This is the tool poisoning attack class first documented by Invariant Labs in April 2025. MCPoison is the production CVE that validated the class against a real high-volume target.

Severity (CVSS 8.8 High)

The vector requires the attacker to control an MCP server the user has connected — typically through trojanised connector supply-chain compromise (npm typosquat, registry impersonation, malicious update of a popular MCP server). The "High" rating reflects this prerequisite. Once the prerequisite is met, the impact is severe: full agent hijack inside a privileged IDE.

Fix

Cursor 1.2.5 and later sanitise descriptor content and require explicit user approval for newly-added or modified tools. Operators on older Cursor versions should update immediately. The general-pattern mitigation — sanitise descriptors before LLM context insertion, log full descriptor content per load, diff against previous load — applies to every IDE that connects MCP servers.

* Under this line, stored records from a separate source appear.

(* Let $G$ be a query graph that is splittable and f-closed. Then for every sink $C\in\mathrm{Eq}$, $C^+=C^{\oplus}$.
   Context: $G=G[Q]$ is the query graph of a Boolean CQ without self-joins with atoms $R(u,v)$, $u\ne v$, first attribute the key: vertices are variables, each atom gives an edge $e_R=(u_R,v_R)$, consistent/inconsistent according to the type of $R$; $E^i$ = inconsistent edges. Paths may have zero edges. $x\to y$: a directed path with only consistent edges; $x\leadsto y$: any directed path; undirected paths ignore directions. For a path $P$ and vertex set $N$, $P\cap N$ is the set of vertices of $P$ in $N$. $u^{\oplus}=\{v:u\to v\}$, $u^+=\{v:u\leadsto v\}$, $u^{+,R}=\{v: u\leadsto v$ in $G-\{e_R\}\}$. For $R,S\in E^i$: $R\sim S$ iff $u_S\in u_R^+$ and $u_R\in u_S^+$; $[R]$ the class of $R$; $coupled^+(R)=[R]\cup\{S\in E^i:\exists$ undirected path $P$ from $v_R$ to $u_S$ with $P\cap u_R^{+,R}=\emptyset\}$; $G$ is splittable if there are no $R,S\in E^i$ with $R\in coupled^+(S)$, $S\in coupled^+(R)$ and $R\not\sim S$. $\mathrm{Eq}$ is the set of $\sim$-classes of $E^i$; for $C\in\mathrm{Eq}$, $C^{\oplus}=\bigcap_{R\in C}u_R^{\oplus}$ and $C^+=\bigcap_{R\in C}u_R^{+,R}$. $C_1<^{\oplus}C_2$ iff $C_1\ne C_2$ and some $S\in C_2$ has $u_S\in C_1^{\oplus}$; a sink is a maximal element of $<^{\oplus}$. $G$ is f-closed if for every $R\in E^i$, $v_R^{\oplus}\cap u_R^{+,R}\subseteq u_R^{\oplus}$. *)

(* Query graph of a self-join-free Boolean CQ with binary atoms. *)
From mathcomp Require Import all_boot.
Unset Printing Implicit Defensive.

Section QueryGraph.
(* V : variables (vertices); A : atoms (one per relation name, no self-joins).
   Atom R gives the directed edge e_R = (u R, v R); inc R means R is inconsistent. *)
Variables (V A : finType) (u v : A -> V) (inc : pred A).

Definition estep (P : pred A) : rel V :=
  fun x y => [exists R, [&& P R, u R == x & v R == y]].

Definition creach (x y : V) : bool := connect (estep (fun R => ~~ inc R)) x y.
Definition reach (x y : V) : bool := connect (estep predT) x y.
Definition reach_wo (R : A) (x y : V) : bool := connect (estep (fun S => S != R)) x y.

Definition oplus (x : V) : {set V} := [set y | creach x y].
Definition plus (x : V) : {set V} := [set y | reach x y].
Definition plusR (R : A) : {set V} := [set y | reach_wo R (u R) y].

(* R ~ S (intended for R, S in E^i) *)
Definition sim (R S : A) : bool := (u S \in plus (u R)) && (u R \in plus (u S)).

Definition upath_avoid (N : {set V}) (x y : V) : bool :=
  (x \notin N) &&
  connect (fun a b => [&& a \notin N, b \notin N & estep predT a b || estep predT b a]) x y.

Definition coupled (R S : A) : bool :=
  inc S && (sim R S || upath_avoid (plusR R) (v R) (u S)).

Definition splittable : Prop :=
  forall R S, inc R -> inc S -> coupled R S -> coupled S R -> sim R S.

Definition f_closed : Prop :=
  forall R, inc R ->
  (oplus (v R) :&: plusR R) \subset oplus (u R).

Definition is_class (C : {set A}) : Prop :=
  exists2 R, inc R & C = [set S | inc S && sim R S].

Definition Coplus (C : {set A}) : {set V} := \bigcap_(R in C) oplus (u R).
Definition Cplus (C : {set A}) : {set V} := \bigcap_(R in C) plusR R.

Definition ltC (C1 C2 : {set A}) : Prop :=
  C1 != C2 /\ exists2 S, S \in C2 & u S \in Coplus C1.

Definition is_sink (C : {set A}) : Prop :=
  is_class C /\ ~ (exists2 C2, is_class C2 & ltC C C2).

End QueryGraph.

From mathcomp Require Import all_boot.

(* The inclusion C^(+) <= C^+ is immediate: a consistent path from u_R never
   uses the inconsistent edge e_R.  For the converse let y be in C^+ and fix
   R in C with a path from u_R to y avoiding e_R.  By induction on its length
   we show u_R -> y.  Otherwise take the LAST inconsistent edge e_S of the
   path whose head u_S does not consistently reach y, while v_S -> y.  By
   f-closedness y is not in u_S^{+,S}, so S is not in C.  If u_S lies outside
   some u_R'^{+,R'} (R' in C), then S and R' are coupled both ways, hence
   equivalent by splittability, contradicting S not in C.  So u_S is in C^+,
   the shorter prefix gives u_R -> u_S, and f-closedness propagates this to
   every member of C: u_S is in C^(+), which for a sink forces S in C. *)

Set Implicit Arguments.
Unset Strict Implicit.
Unset Printing Implicit Defensive.

(* A set closed under a relation is never left along its paths, so a path
   ending outside such a set lies entirely outside it. *)
Section ClosedSets.
Variables (T : finType) (e : rel T) (N : {set T}).
Hypothesis closedN : forall z w, z \in N -> e z w -> w \in N.

Lemma connect_outside a b : connect e a b -> b \notin N ->
  (a \notin N) && connect [rel p q | [&& p \notin N, q \notin N & e p q]] a b.
Proof.
move=> /connectP [p hp ->]; elim: p a hp => [|c p IH] a /=.
  by move=> _ hb; rewrite hb connect0.
move=> /andP [hac hp] hb; have /andP [hc hcon] := IH c hp hb.
have ha : a \notin N by apply: contra hc => ha; exact: closedN ha hac.
by rewrite ha (connect_trans _ hcon) // connect1 //= ha hc.
Qed.

End ClosedSets.

Section QueryGraph.
Variables (V A : finType) (u v : A -> V) (inc : pred A).

Local Notation step := (estep V A u v).
Local Notation cr := (creach V A u v inc).
Local Notation Rplus := (plusR V A u v).
Local Notation simR := (sim V A u v).

Lemma stepP (P : pred A) x y :
  reflect (exists2 T, P T & u T = x /\ v T = y) (step P x y).
Proof.
apply: (iffP existsP) => [[T /and3P [hP /eqP <- /eqP <-]]|[T hP [<- <-]]].
  by exists T.
by exists T; rewrite hP !eqxx.
Qed.

Lemma step_edge (P : pred A) T : P T -> connect (step P) (u T) (v T).
Proof. by move=> hP; apply: connect1; apply/stepP; exists T. Qed.

Lemma connect_step_sub (P Q : pred A) : (forall T, P T -> Q T) ->
  forall x y, connect (step P) x y -> connect (step Q) x y.
Proof.
move=> hPQ; apply: connect_sub => x y /stepP [T /hPQ hQ [<- <-]].
exact: step_edge.
Qed.

Lemma creach_wo S x y : inc S -> cr x y -> reach_wo V A u v S x y.
Proof.
by move=> hS; apply: connect_step_sub => T hT; apply: contraNneq hT => ->.
Qed.

Lemma connect_split_edge R a b : connect (step predT) a b ->
  reach_wo V A u v R a b \/ reach_wo V A u v R (v R) b.
Proof.
move=> /connectP [p hp ->]; elim: p a hp => [|c p IH] a /=.
  by move=> _; left; apply: connect0.
move=> /andP [hac hp]; case: (IH c hp) => [h|h]; last by right.
move/stepP: hac h => [T _ [<- <-]] h.
have [eTR|nTR] := eqVneq T R; first by rewrite eTR in h *; right.
by left; apply: connect_trans h; apply: step_edge.
Qed.

Lemma connect_avoid_edge (P : pred A) S a b : connect (step P) a b ->
  ~~ connect (step P) a (u S) -> connect (step [pred T | P T & T != S]) a b.
Proof.
move=> /connectP [p hp ->]; elim: p a hp => [|c p IH] a /=.
  by move=> _ _; apply: connect0.
move=> /andP [hac hp] hn.
have hc : ~~ connect (step P) c (u S).
  by apply: contra hn; apply: connect_trans; apply: connect1.
apply: connect_trans (IH c hp hc); move/stepP: hac hn => [T hT [<- <-]] hn.
have [eTS|nTS] := eqVneq T S; first by rewrite eTS connect0 in hn.
by apply: step_edge; rewrite /= hT nTS.
Qed.

Lemma last_entry (P : pred A) x a p :
  path (step P) a p -> cr (last a p) x -> ~~ cr a x ->
  exists S q, [/\ P S, inc S, path (step P) a q, last a q = u S & size q < size p]
    /\ [/\ ~~ cr (u S) x, cr (v S) x & connect (step P) (v S) (last a p)].
Proof.
elim: p a => [|c p IH] a /=; first by move=> _ ->.
move=> /andP [hac hp] hl hna; have [hc|hc] := boolP (cr c x).
  move/stepP: hac hna hc hp => [T hP [<- <-]] hna hc hp.
  have hT : inc T.
    by apply: contraR hna => hT; apply: connect_trans hc; apply: step_edge.
  by exists T, [::]; split; split=> //; apply/connectP; exists p.
have [S [q [[hPS hS hq hlq hsq] hrest]]] := IH c hp hl hc.
by exists S, (c :: q); split=> //; split; rewrite //= ?hac.
Qed.

Lemma sim_refl R : simR R R.
Proof. by rewrite /sim !inE /reach connect0. Qed.

Lemma sim_sym R S : simR R S -> simR S R.
Proof. by rewrite /sim andbC. Qed.

Lemma sim_trans R S T : simR R S -> simR S T -> simR R T.
Proof.
rewrite /sim !inE /reach => /andP [h1 h2] /andP [h3 h4].
by rewrite (connect_trans h1 h3) (connect_trans h4 h2).
Qed.

Lemma plusR_closed R z w : z \in Rplus R -> step (fun S => S != R) z w ->
  w \in Rplus R.
Proof. by rewrite !inE => hz hzw; apply: connect_trans hz (connect1 hzw). Qed.

Definition urel (N : {set V}) : rel V :=
  fun a b => [&& a \notin N, b \notin N & step predT a b || step predT b a].

Lemma urel_sym N : symmetric (urel N).
Proof. by move=> a b; rewrite /urel orbC andbCA. Qed.

Lemma upath_of_path S a b : reach_wo V A u v S a b -> b \notin Rplus S ->
  (a \notin Rplus S) && connect (urel (Rplus S)) a b.
Proof.
move=> hab hb; have /andP [-> hc] := connect_outside (@plusR_closed S) hab hb.
apply: connect_sub hc => p q /and3P [hp hq hpq].
apply: connect1; rewrite /urel hp hq; move/stepP: hpq => [T _ hT].
by apply/orP; left; apply/stepP; exists T.
Qed.

(* If u_S is reachable from u_R but lies outside u_R^{+,R}, then every such
   path passes through v_R and its tail avoids u_R^{+,R}: S is coupled to R. *)
Lemma coupled_forward R S : inc S -> connect (step predT) (u R) (u S) ->
  u S \notin Rplus R -> coupled V A u v inc R S.
Proof.
move=> hS huS hn; rewrite /coupled hS /=; apply/orP; right.
case: (connect_split_edge R huS) => h; first by rewrite inE h in hn.
by have /andP [hv hc] := upath_of_path h hn; rewrite /upath_avoid hv.
Qed.

(* If y lies in u_R^{+,R} but not in u_S^{+,S}, v_S -> y, and u_S is outside
   u_R^{+,R}, then both u_R and v_S reach y outside u_S^{+,S}, which gives an
   undirected path from v_S to u_R avoiding it: R is coupled to S. *)
Lemma coupled_backward R S y : inc R -> inc S -> y \in Rplus R ->
  y \notin Rplus S -> cr (v S) y -> u S \notin Rplus R -> coupled V A u v inc S R.
Proof.
move=> hR hS hyR hyS hvSy hn; rewrite /coupled hR /=; apply/orP; right.
have /andP [hvS hvy] := upath_of_path (creach_wo hS hvSy) hyS.
rewrite !inE in hyR hn.
have hRy : reach_wo V A u v S (u R) y.
  by apply: connect_step_sub (connect_avoid_edge hyR hn) => T /andP [].
have /andP [_ hRy'] := upath_of_path hRy hyS.
rewrite /upath_avoid hvS /=; apply: connect_trans hvy _.
by rewrite (sym_connect_sym (@urel_sym _)).
Qed.

Hypothesis hfc : f_closed V A u v inc.

Lemma fclosed_creach S x : inc S -> cr (v S) x -> x \in Rplus S -> cr (u S) x.
Proof.
move=> hS hvx hx; have := subsetP (hfc hS) x.
by rewrite !inE hvx; apply; rewrite inE in hx.
Qed.

Section Class.
Variables (C : {set A}) (R0 : A).
Hypothesis hR0 : inc R0.
Hypothesis hC : C = [set S | inc S && simR R0 S].

Lemma class_inc R : R \in C -> inc R.
Proof. by rewrite hC inE => /andP []. Qed.

Lemma class_sim R S : R \in C -> S \in C -> simR R S.
Proof.
rewrite hC !inE => /andP [_ h1] /andP [_ h2].
exact: sim_trans (sim_sym h1) h2.
Qed.

Lemma class_mem R S : R \in C -> inc S -> simR R S -> S \in C.
Proof.
move=> hR hS hRS; move: (hR); rewrite hC !inE hS => /andP [_ h].
exact: sim_trans h hRS.
Qed.

Lemma class_reach R S : R \in C -> S \in C -> connect (step predT) (u R) (u S).
Proof. by move=> hR hS; have /andP [] := class_sim hR hS; rewrite inE. Qed.

Lemma Cplus_mem x R : x \in Cplus V A u v C -> R \in C -> x \in Rplus R.
Proof. by move/bigcapP; apply. Qed.

Lemma Coplus_sub_Cplus : Coplus V A u v inc C \subset Cplus V A u v C.
Proof.
apply/subsetP => x /bigcapP hx; apply/bigcapP => R hR.
by move: (hx R hR); rewrite !inE; apply: creach_wo (class_inc hR).
Qed.

(* For x in C^+, if one member of C consistently reaches x, all do: the last
   entry on a path u_R' ~> u_R would be an edge equivalent to R violating
   f-closedness. *)
Lemma class_creach x R R' : x \in Cplus V A u v C -> R \in C -> cr (u R) x ->
  R' \in C -> cr (u R') x.
Proof.
move=> hx hR hRx hR'; apply: contraT => hn.
have /connectP [p hp hl] := class_reach hR' hR.
have := @last_entry predT x (u R') p hp; rewrite -hl => /(_ hRx hn).
move=> [S [q [[_ hS hq hlq _] [hnS hvS hvR]]]].
have hSC : S \in C.
  apply: (class_mem hR' hS); rewrite /sim !inE; apply/andP; split.
    by rewrite -hlq; apply/connectP; exists q.
  apply: connect_trans (class_reach hR hR'); apply: connect_trans hvR.
  exact: step_edge.
by rewrite (fclosed_creach hS hvS (Cplus_mem hx hSC)) in hnS.
Qed.

Hypothesis hsplit : splittable V A u v inc.
Hypothesis hsink : ~ (exists2 C2, is_class V A u v inc C2 & ltC V A u v inc C C2).

(* In a sink, an inconsistent S with u_S in C^(+) belongs to C: otherwise its
   class would lie strictly above C. *)
Lemma sink_mem S : inc S -> u S \in Coplus V A u v inc C -> S \in C.
Proof.
move=> hS hSo; set C2 := [set T | inc T && simR S T].
have [->|neq] := eqVneq C C2; first by rewrite inE hS sim_refl.
have hSC2 : S \in C2 by rewrite inE hS sim_refl.
by case: hsink; exists C2; [exists S | split=> //; exists S].
Qed.

(* An inconsistent edge reachable from C through which y in C^+ is entered,
   with y outside u_S^{+,S}, has its head in C^+: otherwise S would be coupled
   both ways with a member of C, hence equivalent to it by splittability. *)
Lemma entry_in_Cplus R S y : R \in C -> inc S ->
  connect (step predT) (u R) (u S) -> cr (v S) y ->
  y \in Cplus V A u v C -> y \notin Rplus S -> u S \in Cplus V A u v C.
Proof.
move=> hR hS huS hvSy hy hyS; apply/bigcapP => R' hR'; apply: contraT => hn.
have hR'S := connect_trans (class_reach hR' hR) huS.
have hsim := hsplit (class_inc hR') hS (coupled_forward hS hR'S hn)
  (coupled_backward (class_inc hR') hS (Cplus_mem hy hR') hyS hvSy hn).
by move: hyS; rewrite (Cplus_mem hy (class_mem hR' hS hsim)).
Qed.

Lemma class_path_creach R p : R \in C -> path (step (fun S => S != R)) (u R) p ->
  last (u R) p \in Cplus V A u v C -> cr (u R) (last (u R) p).
Proof.
move=> hR; have [n] := ubnP (size p); elim: n p => // n IH p.
rewrite ltnS => hsz hp hy; apply: contraT => hn.
have [S [q [[_ hS hq hlq hsq] [hnS hvS _]]]] := last_entry hp (connect0 _ _) hn.
set y := last (u R) p in hy hn hnS hvS.
have hyS : y \notin Rplus S by apply: contra hnS; apply: fclosed_creach hS hvS.
have huS : connect (step predT) (u R) (u S).
  apply: (@connect_step_sub (fun T => T != R)) => //.
  by rewrite -hlq; apply/connectP; exists q.
have hUS := entry_in_Cplus hR hS huS hvS hy hyS.
have hRS : cr (u R) (u S).
  by rewrite -hlq; apply: IH; rewrite ?hlq //; apply: leq_trans hsq hsz.
have hSo : u S \in Coplus V A u v inc C.
  by apply/bigcapP => R' hR'; rewrite inE; apply: class_creach hUS hR hRS hR'.
by move: hyS; rewrite (Cplus_mem hy (sink_mem hS hSo)).
Qed.

Lemma Cplus_sub_Coplus : Cplus V A u v C \subset Coplus V A u v inc C.
Proof.
apply/subsetP => y hy; have hR0C : R0 \in C by rewrite hC inE hR0 sim_refl.
have := Cplus_mem hy hR0C; rewrite inE => /connectP [p hp hl].
have hc := class_path_creach hR0C hp; rewrite -hl in hc.
by apply/bigcapP => R hR; rewrite inE; apply: class_creach hy hR0C (hc hy) hR.
Qed.

End Class.
End QueryGraph.

Theorem proposition5p5 (V A : finType) (u v : A -> V) (inc : pred A)
  (huv : forall R, u R != v R)
  (hsplit : splittable V A u v inc) (hfc : f_closed V A u v inc) :
  forall C : {set A}, is_sink V A u v inc C -> Cplus V A u v C = Coplus V A u v inc C.
Proof.
move=> C [[R0 hR0 hC] hsink]; apply/eqP; rewrite eqEsubset.
by rewrite (Cplus_sub_Coplus hfc hR0 hC hsplit hsink) (Coplus_sub_Cplus hC).
Qed.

CVE-2025-54135 — CurXecute

What it does

CurXecute is mechanistically distinct from MCPoison. It exploits Cursor's behaviour around workspace file writes: the IDE will write certain configuration files (notably .cursor/rules and similar dotfiles) without surfacing the action to the user. An attacker who can chain a prompt-injection step with a missing-dotfile-creation step can cause Cursor to write a file whose content is then auto-applied as a rule — effectively injecting an arbitrary instruction into the agent's permanent configuration.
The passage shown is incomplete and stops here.